Content starts
(* Let $A$ be a partially ordered set that has a top element $\top$ and a bottom element $\bot$. Then every passable game over $A$ is equivalent to a monotone game over $A$.
   Context: Games over a poset $A$ are defined inductively: for each $a\in A$ there is an atomic game $[a]$ (often written $a$), which has no options; and if $L$ and $R$ are non-empty sets of games, then $\{L\mid R\}$ is a composite game with set of left options $L$ and set of right options $R$. The relations $\le$ and $\lhd$ on games over $A$ are defined by simultaneous recursion: $G\le H$ iff (1) every left option $G^L$ of $G$ satisfies $G^L\lhd H$, (2) every right option $H^R$ of $H$ satisfies $G\lhd H^R$, and (3) if $G$ or $H$ is atomic then $G\lhd H$; and $G\lhd H$ iff (1) some right option $G^R$ of $G$ satisfies $G^R\le H$, or (2) some left option $H^L$ of $H$ satisfies $G\le H^L$, or (3) $G=[a]$ and $H=[b]$ are both atomic and $a\le b$ in $A$. Games $G,H$ are equivalent, $G\equiv H$, if $G\le H$ and $H\le G$. A game $G$ is passable if $G\lhd G$ and (recursively) all its left and right options are passable. A left option $G^L$ of $G$ is good if $G\le G^L$; a right option $G^R$ is good if $G^R\le G$. A game is monotone if all of its left and right options are good and (recursively) all its options are monotone; atomic games are monotone. *)

Set Implicit Arguments.

(* Games over a type A (the poset carrier).  A composite game {L | R} is
   represented by two non-empty indexed families of options. *)
Inductive game (A : Type) : Type :=
| Atom : A -> game A
| Comp : forall (I J : Type), (I -> game A) -> (J -> game A) ->
         inhabited I -> inhabited J -> game A.

Arguments Atom {A} _.
Arguments Comp {A} I J _ _ _ _.

Definition is_atom {A : Type} (G : game A) : Prop :=
  match G with Atom _ => True | Comp _ _ _ _ _ _ => False end.

(* Simultaneous recursion: cmp leA G H = (G <= H, G <| H). *)
Fixpoint cmp {A : Type} (leA : A -> A -> Prop) (G : game A) {struct G}
  : game A -> Prop * Prop :=
  fix cmpH (H : game A) {struct H} : Prop * Prop :=
    let lhd : Prop :=
      (match G with
       | Atom _ => False
       | Comp _ _ _ r _ _ => exists j, fst (cmp leA (r j) H)
       end)
      \/
      (match H with
       | Atom _ => False
       | Comp _ _ l _ _ _ => exists i, fst (cmpH (l i))
       end)
      \/
      (match G, H with
       | Atom a, Atom b => leA a b
       | _, _ => False
       end) in
    let le : Prop :=
      (match G with
       | Atom _ => True
       | Comp _ _ l _ _ _ => forall i, snd (cmp leA (l i) H)
       end)
      /\
      (match H with
       | Atom _ => True
       | Comp _ _ _ r _ _ => forall j, snd (cmpH (r j))
       end)
      /\
      ((is_atom G \/ is_atom H) -> lhd) in
    (le, lhd).

Definition game_le {A : Type} (leA : A -> A -> Prop) (G H : game A) : Prop :=
  fst (cmp leA G H).
Definition game_lhd {A : Type} (leA : A -> A -> Prop) (G H : game A) : Prop :=
  snd (cmp leA G H).
Definition game_equiv {A : Type} (leA : A -> A -> Prop) (G H : game A) : Prop :=
  game_le leA G H /\ game_le leA H G.

Fixpoint passable {A : Type} (leA : A -> A -> Prop) (G : game A) : Prop :=
  game_lhd leA G G /\
  match G with
  | Atom _ => True
  | Comp _ _ l r _ _ => (forall i, passable leA (l i)) /\ (forall j, passable leA (r j))
  end.

Fixpoint monotone {A : Type} (leA : A -> A -> Prop) (G : game A) : Prop :=
  match G with
  | Atom _ => True
  | Comp _ _ l r _ _ =>
      (forall i, game_le leA G (l i)) /\ (forall j, game_le leA (r j) G) /\
      (forall i, monotone leA (l i)) /\ (forall j, monotone leA (r j))
  end.

(* By induction on G, replace the options of G = {G^L | G^R} by equivalent
   monotone games G^L', G^R'.  Write ↑Q = {⊤ | Q} and ↓P = {P | ⊥}: then
   K ≤ ↑Q as soon as K ◁ Q, ↓P ≤ K as soon as P ◁ K, and a game with left
   option ⊤ (resp. right option ⊥) is ◁-above (resp. ◁-below) every game.
   Passability G ◁ G provides monotone games U, V with U ◁ G ≤ U and
   V ≤ G ◁ V: one of them is equivalent to a good option of G, the other is
   its image under ↑ or ↓.  The game
       {↑{↑↓G^L', ↑V | ⊥} | ↓{⊤ | ↓↑G^R', ↓U}}
   is then equivalent to G; the padding by ⊤ and ⊥ makes all its options good
   except the two outermost ones, which are good thanks to V and U. *)

From Stdlib Require Import IndefiniteDescription.

Section Games.

Variable A : Type.
Variable leA : A -> A -> Prop.

Local Infix "≤" := (game_le leA) (at level 70).
Local Infix "◁" := (game_lhd leA) (at level 70).
Local Infix "≡" := (game_equiv leA) (at level 70).

Definition left_option (X G : game A) : Prop :=
  match G with Atom _ => False | Comp _ _ l _ _ _ => exists i, X = l i end.
Definition right_option (Y G : game A) : Prop :=
  match G with Atom _ => False | Comp _ _ _ r _ _ => exists j, Y = r j end.

Lemma game_le_iff G H :
  G ≤ H <->
  (forall X, left_option X G -> X ◁ H) /\
  (forall Y, right_option Y H -> G ◁ Y) /\
  (is_atom G \/ is_atom H -> G ◁ H).
Proof.
  unfold game_le, game_lhd.
  destruct G as [a|I J l r hI hJ], H as [b|I' J' l' r' hI' hJ']; simpl;
    (split; [intros (h1 & h2 & h3); repeat split;
             try (intros X [i ->]); try (intros X []); eauto
            |intros (h1 & h2 & h3); repeat split; intros;
             try apply h1; try apply h2; try apply h3; eauto]).
Qed.

Lemma game_lhd_iff G H :
  G ◁ H <->
  (exists Y, right_option Y G /\ Y ≤ H) \/
  (exists X, left_option X H /\ G ≤ X) \/
  (exists a b, G = Atom a /\ H = Atom b /\ leA a b).
Proof.
  unfold game_le, game_lhd; split.
  - destruct G as [a|I J l r hI hJ], H as [b|I' J' l' r' hI' hJ']; simpl;
      intros [h|[h|h]]; try destruct h as [k hk]; try contradiction; eauto 10.
  - intros [(Y & hY & h)|[(X & hX & h)|(a & b & -> & -> & h)]].
    + destruct G as [|I J l r hI hJ]; [contradiction|]. destruct hY as [j ->].
      destruct H; simpl; left; exists j; exact h.
    + destruct H as [|I J l r hI hJ]; [contradiction|]. destruct hX as [i ->].
      destruct G; simpl; right; left; exists i; exact h.
    + simpl; right; right; exact h.
Qed.

Lemma lhd_of_right_le G H Y : right_option Y G -> Y ≤ H -> G ◁ H.
Proof. intros hY h. apply game_lhd_iff. eauto. Qed.

Lemma lhd_of_le_left G H X : left_option X H -> G ≤ X -> G ◁ H.
Proof. intros hX h. apply game_lhd_iff. eauto. Qed.

Lemma game_lhd_atoms {a b : A} : leA a b -> Atom a ◁ Atom b.
Proof. intro h. apply game_lhd_iff. eauto 7. Qed.

Lemma game_le_atoms {a b : A} : leA a b -> Atom a ≤ Atom b.
Proof.
  intro h. apply game_le_iff; repeat split; try (intros ? []).
  intros _. apply game_lhd_atoms, h.
Qed.

Hypothesis leA_refl : forall a, leA a a.

Lemma game_le_refl G : G ≤ G.
Proof.
  induction G as [a|I J l IHl r IHr hI hJ].
  - apply game_le_atoms, leA_refl.
  - apply game_le_iff; repeat split.
    + intros X [i ->]. eapply lhd_of_le_left; [exists i; reflexivity | apply IHl].
    + intros Y [j ->]. eapply lhd_of_right_le; [exists j; reflexivity | apply IHr].
    + intros [[]|[]].
Qed.

Definition option_of (X G : game A) : Prop := left_option X G \/ right_option X G.

Lemma option_of_wf : well_founded option_of.
Proof.
  intro G; induction G as [a|I J l IHl r IHr hI hJ]; constructor.
  - intros X [[]|[]].
  - intros X [[i ->]|[j ->]]; auto.
Qed.

Hypothesis leA_trans : forall a b c, leA a b -> leA b c -> leA a c.

Lemma game_trans G H K :
  (G ≤ H -> H ≤ K -> G ≤ K) /\ (G ≤ H -> H ◁ K -> G ◁ K) /\ (G ◁ H -> H ≤ K -> G ◁ K).
Proof.
  revert H K; induction (option_of_wf G) as [G _ IHG]; intro H.
  induction (option_of_wf H) as [H _ IHH]; intro K.
  induction (option_of_wf K) as [K _ IHK].
  assert (lhd_le : G ◁ H -> H ≤ K -> G ◁ K).
  { intros hGH hHK; pose proof hHK as (hl & _ & ha)%game_le_iff.
    apply game_lhd_iff in hGH as [(Y & hY & hYH)|[(X & hX & hGX)|(a & b & -> & -> & hab)]].
    - eapply lhd_of_right_le; [exact hY|].
      destruct (IHG Y (or_intror hY) H K) as (le_le & _ & _); auto.
    - destruct (IHH X (or_introl hX) K) as (_ & le_lhd & _); auto.
    - specialize (ha (or_introl I)).
      apply game_lhd_iff in ha as [([] & [] & _)|[(X & hX & hbX)|(b' & c & [= <-] & -> & hbc)]].
      + eapply lhd_of_le_left; [exact hX|].
        destruct (IHK X (or_introl hX)) as (le_le & _ & _); auto using game_le_atoms.
      + apply game_lhd_atoms; eauto. }
  assert (le_lhd : G ≤ H -> H ◁ K -> G ◁ K).
  { intros hGH hHK; pose proof hGH as (_ & hr & ha)%game_le_iff.
    apply game_lhd_iff in hHK as [(Y & hY & hYK)|[(X & hX & hHX)|(b & c & -> & -> & hbc)]].
    - destruct (IHH Y (or_intror hY) K) as (_ & _ & lhd_le'); auto.
    - eapply lhd_of_le_left; [exact hX|].
      destruct (IHK X (or_introl hX)) as (le_le & _ & _); auto.
    - specialize (ha (or_intror I)).
      apply game_lhd_iff in ha as [(Y & hY & hYb)|[([] & [] & _)|(a & b' & -> & [= <-] & hab)]].
      + eapply lhd_of_right_le; [exact hY|].
        destruct (IHG Y (or_intror hY) (Atom b) (Atom c)) as (le_le & _ & _);
          auto using game_le_atoms.
      + apply game_lhd_atoms; eauto. }
  split; [|split; assumption].
  intros hGH hHK.
  pose proof hGH as (hGl & _ & hGHa)%game_le_iff.
  pose proof hHK as (_ & hKr & hHKa)%game_le_iff.
  apply game_le_iff; repeat split.
  - intros X hX. destruct (IHG X (or_introl hX) H K) as (_ & _ & lhd_le'); auto.
  - intros Y hY. destruct (IHK Y (or_intror hY)) as (_ & le_lhd' & _); auto.
  - intros [hG|hK]; auto.
Qed.

Lemma game_le_trans {G H K : game A} : G ≤ H -> H ≤ K -> G ≤ K.
Proof. apply game_trans. Qed.

Lemma game_le_lhd_trans {G H K : game A} : G ≤ H -> H ◁ K -> G ◁ K.
Proof. apply game_trans. Qed.

Lemma game_lhd_le_trans {G H K : game A} : G ◁ H -> H ≤ K -> G ◁ K.
Proof. apply game_trans. Qed.

Lemma game_lhd_self_equiv {G H : game A} : G ◁ G -> G ≡ H -> H ◁ H.
Proof.
  intros hG [hGH hHG].
  exact (game_lhd_le_trans (game_le_lhd_trans hHG hG) hGH).
Qed.

Variables top bot : A.
Hypothesis top_max : forall a, leA a top.
Hypothesis bot_min : forall a, leA bot a.

Lemma game_le_lhd_top K : K ≤ Atom top /\ K ◁ Atom top.
Proof.
  induction K as [a|I J l IHl r IHr hI hJ].
  - split; [apply game_le_atoms | apply game_lhd_atoms]; apply top_max.
  - assert (lhd_top : Comp I J l r hI hJ ◁ Atom top).
    { destruct hJ as [j]. eapply lhd_of_right_le; [exists j; reflexivity | apply IHr]. }
    split; [|exact lhd_top].
    apply game_le_iff; repeat split; [intros X [i ->]; apply IHl | intros Y [] | auto].
Qed.

Lemma game_bot_le_lhd K : Atom bot ≤ K /\ Atom bot ◁ K.
Proof.
  induction K as [a|I J l IHl r IHr hI hJ].
  - split; [apply game_le_atoms | apply game_lhd_atoms]; apply bot_min.
  - assert (bot_lhd : Atom bot ◁ Comp I J l r hI hJ).
    { destruct hI as [i]. eapply lhd_of_le_left; [exists i; reflexivity | apply IHl]. }
    split; [|exact bot_lhd].
    apply game_le_iff; repeat split; [intros X [] | intros Y [j ->]; apply IHr | auto].
Qed.

Lemma game_le_top K : K ≤ Atom top.
Proof. apply game_le_lhd_top. Qed.

Lemma game_bot_le K : Atom bot ≤ K.
Proof. apply game_bot_le_lhd. Qed.

Lemma lhd_of_top_left G H : left_option (Atom top) H -> G ◁ H.
Proof. intro hT. eapply lhd_of_le_left; [exact hT | apply game_le_top]. Qed.

Lemma lhd_of_bot_right G H : right_option (Atom bot) G -> G ◁ H.
Proof. intro hB. eapply lhd_of_right_le; [exact hB | apply game_bot_le]. Qed.

Definition pair (P Q : game A) : game A :=
  Comp unit unit (fun _ => P) (fun _ => Q) (inhabits tt) (inhabits tt).

Definition up (Q : game A) : game A := pair (Atom top) Q.
Definition down (P : game A) : game A := pair P (Atom bot).

Lemma left_option_pair P Q : left_option P (pair P Q).
Proof. exists tt; reflexivity. Qed.

Lemma right_option_pair P Q : right_option Q (pair P Q).
Proof. exists tt; reflexivity. Qed.

Lemma monotone_pair P Q :
  pair P Q ≤ P -> Q ≤ pair P Q -> monotone leA P -> monotone leA Q ->
  monotone leA (pair P Q).
Proof. intros; simpl; auto. Qed.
Content ends
ABOUT THIS TASK: The word "False" is the filter: copy every line of the listing above that contains it.

ANSWER TO THE EXERCISE:
  match G with Atom _ => True | Comp _ _ _ _ _ _ => False end.
       | Atom _ => False
       | Atom _ => False
       | _, _ => False
  match G with Atom _ => False | Comp _ _ l _ _ _ => exists i, X = l i end.
  match G with Atom _ => False | Comp _ _ _ r _ _ => exists j, Y = r j end.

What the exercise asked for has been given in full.